[Collected data entries]

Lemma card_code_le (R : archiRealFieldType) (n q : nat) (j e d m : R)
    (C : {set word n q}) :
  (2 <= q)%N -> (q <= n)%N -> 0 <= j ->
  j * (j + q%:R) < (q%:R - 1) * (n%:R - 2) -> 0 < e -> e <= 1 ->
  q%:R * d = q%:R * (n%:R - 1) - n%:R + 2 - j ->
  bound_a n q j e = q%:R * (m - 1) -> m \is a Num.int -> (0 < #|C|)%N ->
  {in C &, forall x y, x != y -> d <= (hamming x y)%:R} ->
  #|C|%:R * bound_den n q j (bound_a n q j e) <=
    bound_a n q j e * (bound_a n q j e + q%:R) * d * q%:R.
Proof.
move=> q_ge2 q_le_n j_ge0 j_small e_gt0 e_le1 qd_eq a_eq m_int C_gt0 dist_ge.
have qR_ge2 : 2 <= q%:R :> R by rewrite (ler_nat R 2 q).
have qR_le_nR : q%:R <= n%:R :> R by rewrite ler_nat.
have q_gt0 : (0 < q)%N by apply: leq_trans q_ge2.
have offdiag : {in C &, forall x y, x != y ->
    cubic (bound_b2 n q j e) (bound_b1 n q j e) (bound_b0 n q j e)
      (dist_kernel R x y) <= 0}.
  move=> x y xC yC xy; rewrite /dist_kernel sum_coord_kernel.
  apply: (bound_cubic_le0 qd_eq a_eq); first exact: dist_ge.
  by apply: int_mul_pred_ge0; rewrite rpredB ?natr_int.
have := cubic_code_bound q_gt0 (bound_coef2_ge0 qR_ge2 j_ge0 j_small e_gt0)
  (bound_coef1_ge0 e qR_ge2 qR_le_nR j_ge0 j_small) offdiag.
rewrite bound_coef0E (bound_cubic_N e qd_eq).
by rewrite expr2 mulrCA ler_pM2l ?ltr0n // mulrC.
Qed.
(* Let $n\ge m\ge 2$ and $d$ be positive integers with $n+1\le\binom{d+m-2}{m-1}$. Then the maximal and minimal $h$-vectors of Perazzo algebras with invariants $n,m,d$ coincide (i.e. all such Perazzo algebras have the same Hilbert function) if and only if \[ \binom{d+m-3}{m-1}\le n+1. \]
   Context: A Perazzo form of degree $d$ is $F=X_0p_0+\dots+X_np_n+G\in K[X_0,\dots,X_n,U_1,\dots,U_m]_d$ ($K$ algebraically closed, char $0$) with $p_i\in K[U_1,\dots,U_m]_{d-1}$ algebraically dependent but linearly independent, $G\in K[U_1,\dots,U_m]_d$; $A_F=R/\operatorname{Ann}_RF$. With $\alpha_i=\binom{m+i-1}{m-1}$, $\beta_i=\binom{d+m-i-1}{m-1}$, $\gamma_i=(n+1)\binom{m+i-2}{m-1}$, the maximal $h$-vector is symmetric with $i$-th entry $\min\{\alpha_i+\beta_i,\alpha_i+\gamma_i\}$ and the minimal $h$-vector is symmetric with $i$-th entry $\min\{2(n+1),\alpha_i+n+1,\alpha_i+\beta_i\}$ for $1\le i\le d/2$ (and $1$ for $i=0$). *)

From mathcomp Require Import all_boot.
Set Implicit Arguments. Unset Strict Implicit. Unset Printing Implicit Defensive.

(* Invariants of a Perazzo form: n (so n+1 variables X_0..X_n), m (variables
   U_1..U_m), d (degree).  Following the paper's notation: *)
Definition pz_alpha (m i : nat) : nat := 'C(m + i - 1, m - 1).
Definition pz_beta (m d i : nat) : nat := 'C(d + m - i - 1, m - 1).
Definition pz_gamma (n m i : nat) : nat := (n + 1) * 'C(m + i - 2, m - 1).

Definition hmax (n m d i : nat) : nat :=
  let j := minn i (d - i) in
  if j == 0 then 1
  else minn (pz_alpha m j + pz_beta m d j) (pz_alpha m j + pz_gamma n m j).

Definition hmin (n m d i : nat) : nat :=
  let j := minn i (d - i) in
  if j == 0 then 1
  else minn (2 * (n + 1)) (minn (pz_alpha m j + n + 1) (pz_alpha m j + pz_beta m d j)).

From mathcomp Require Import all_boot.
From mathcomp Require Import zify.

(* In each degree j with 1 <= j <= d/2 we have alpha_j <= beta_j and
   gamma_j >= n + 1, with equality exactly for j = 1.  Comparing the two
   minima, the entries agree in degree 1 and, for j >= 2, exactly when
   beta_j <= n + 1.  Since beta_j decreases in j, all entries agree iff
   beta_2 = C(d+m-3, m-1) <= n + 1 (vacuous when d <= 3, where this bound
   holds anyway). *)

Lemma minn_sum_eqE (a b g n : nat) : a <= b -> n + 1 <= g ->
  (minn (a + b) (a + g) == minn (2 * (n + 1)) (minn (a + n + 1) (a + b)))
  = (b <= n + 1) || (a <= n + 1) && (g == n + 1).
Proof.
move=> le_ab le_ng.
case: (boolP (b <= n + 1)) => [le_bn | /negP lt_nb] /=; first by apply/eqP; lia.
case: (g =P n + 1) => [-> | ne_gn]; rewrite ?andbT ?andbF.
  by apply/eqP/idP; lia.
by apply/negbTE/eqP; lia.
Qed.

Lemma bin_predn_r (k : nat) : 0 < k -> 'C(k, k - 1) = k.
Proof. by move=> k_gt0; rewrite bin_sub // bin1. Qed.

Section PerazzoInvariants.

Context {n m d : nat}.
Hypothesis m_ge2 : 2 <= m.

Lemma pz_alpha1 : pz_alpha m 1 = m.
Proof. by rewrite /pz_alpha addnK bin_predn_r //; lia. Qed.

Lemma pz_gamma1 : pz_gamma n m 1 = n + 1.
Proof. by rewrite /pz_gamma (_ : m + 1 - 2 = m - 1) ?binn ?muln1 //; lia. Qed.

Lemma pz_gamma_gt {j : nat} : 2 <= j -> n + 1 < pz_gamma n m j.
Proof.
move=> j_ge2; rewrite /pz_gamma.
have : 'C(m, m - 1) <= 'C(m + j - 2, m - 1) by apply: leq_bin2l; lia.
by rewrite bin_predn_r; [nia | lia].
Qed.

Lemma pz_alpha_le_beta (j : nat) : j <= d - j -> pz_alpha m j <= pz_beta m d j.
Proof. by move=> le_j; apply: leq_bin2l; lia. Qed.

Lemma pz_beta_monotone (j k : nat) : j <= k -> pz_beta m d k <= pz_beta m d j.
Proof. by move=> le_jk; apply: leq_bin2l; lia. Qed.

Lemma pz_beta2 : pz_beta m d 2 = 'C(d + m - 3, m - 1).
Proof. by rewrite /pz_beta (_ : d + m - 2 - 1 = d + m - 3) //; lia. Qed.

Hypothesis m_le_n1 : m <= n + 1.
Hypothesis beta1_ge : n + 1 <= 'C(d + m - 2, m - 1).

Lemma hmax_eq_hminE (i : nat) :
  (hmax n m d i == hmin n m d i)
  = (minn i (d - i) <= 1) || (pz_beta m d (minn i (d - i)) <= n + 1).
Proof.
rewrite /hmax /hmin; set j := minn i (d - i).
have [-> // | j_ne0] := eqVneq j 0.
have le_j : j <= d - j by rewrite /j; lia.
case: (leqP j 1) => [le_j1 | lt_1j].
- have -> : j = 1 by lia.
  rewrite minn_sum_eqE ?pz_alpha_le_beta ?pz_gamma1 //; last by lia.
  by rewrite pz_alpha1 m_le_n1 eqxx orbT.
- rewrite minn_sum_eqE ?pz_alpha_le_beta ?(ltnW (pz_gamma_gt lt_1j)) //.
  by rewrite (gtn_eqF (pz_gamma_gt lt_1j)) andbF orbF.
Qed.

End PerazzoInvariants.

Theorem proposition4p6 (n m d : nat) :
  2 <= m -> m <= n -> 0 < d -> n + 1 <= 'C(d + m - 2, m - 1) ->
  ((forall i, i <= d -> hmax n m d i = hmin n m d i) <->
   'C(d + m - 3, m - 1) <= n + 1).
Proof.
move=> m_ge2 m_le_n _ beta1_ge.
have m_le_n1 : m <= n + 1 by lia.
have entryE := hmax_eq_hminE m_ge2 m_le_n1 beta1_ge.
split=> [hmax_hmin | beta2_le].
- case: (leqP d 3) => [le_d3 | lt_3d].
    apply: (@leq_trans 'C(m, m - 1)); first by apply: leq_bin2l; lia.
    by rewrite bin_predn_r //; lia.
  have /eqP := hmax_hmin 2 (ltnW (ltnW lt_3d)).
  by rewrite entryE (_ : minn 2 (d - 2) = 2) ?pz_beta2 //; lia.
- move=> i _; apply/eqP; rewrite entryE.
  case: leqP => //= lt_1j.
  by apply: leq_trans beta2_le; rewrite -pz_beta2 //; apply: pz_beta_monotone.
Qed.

--

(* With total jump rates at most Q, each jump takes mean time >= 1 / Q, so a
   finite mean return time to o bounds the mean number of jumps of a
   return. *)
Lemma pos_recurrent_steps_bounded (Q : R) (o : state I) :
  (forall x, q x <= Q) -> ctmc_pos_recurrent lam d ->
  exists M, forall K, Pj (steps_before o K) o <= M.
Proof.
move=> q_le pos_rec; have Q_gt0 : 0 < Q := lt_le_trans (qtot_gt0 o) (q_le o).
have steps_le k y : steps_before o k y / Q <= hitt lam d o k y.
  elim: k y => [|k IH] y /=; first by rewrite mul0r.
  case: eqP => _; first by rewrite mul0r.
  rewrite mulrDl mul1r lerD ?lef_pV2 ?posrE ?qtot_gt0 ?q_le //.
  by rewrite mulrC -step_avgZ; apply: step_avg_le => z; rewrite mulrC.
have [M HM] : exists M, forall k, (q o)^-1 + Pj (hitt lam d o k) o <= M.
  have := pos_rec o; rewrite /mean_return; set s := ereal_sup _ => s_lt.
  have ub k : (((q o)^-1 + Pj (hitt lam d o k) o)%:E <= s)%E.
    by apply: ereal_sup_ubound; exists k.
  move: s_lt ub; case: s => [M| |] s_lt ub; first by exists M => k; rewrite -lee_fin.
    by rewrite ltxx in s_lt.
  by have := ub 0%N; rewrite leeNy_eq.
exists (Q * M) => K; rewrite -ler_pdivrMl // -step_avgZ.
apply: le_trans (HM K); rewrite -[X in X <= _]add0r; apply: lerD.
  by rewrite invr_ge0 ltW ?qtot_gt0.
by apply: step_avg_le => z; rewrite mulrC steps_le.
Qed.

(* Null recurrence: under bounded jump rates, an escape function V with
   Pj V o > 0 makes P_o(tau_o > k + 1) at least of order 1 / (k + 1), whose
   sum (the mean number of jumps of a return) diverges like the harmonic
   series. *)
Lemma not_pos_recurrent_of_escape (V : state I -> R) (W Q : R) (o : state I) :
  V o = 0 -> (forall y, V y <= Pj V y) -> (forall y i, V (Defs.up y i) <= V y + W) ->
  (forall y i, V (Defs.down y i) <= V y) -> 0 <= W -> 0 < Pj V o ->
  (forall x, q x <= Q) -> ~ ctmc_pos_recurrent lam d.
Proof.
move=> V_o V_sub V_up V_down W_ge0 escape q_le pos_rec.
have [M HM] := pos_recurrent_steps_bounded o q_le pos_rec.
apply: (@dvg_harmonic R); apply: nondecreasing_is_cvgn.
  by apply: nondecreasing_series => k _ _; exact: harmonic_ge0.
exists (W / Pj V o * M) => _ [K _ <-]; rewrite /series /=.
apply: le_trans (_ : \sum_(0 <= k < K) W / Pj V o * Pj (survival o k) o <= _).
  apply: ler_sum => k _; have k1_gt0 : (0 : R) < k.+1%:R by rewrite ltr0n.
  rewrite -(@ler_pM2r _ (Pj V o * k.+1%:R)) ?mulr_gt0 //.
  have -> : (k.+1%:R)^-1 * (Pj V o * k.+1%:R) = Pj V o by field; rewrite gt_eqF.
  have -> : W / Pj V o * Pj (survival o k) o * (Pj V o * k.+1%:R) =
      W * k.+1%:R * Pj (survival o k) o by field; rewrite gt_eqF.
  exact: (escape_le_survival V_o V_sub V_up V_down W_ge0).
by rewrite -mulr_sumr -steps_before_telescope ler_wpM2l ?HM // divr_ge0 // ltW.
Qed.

Description of the task: Go through the records line by line, and copy each line that holds the string "rates".

Solution:
(* With total jump rates at most Q, each jump takes mean time >= 1 / Q, so a
(* Null recurrence: under bounded jump rates, an escape function V with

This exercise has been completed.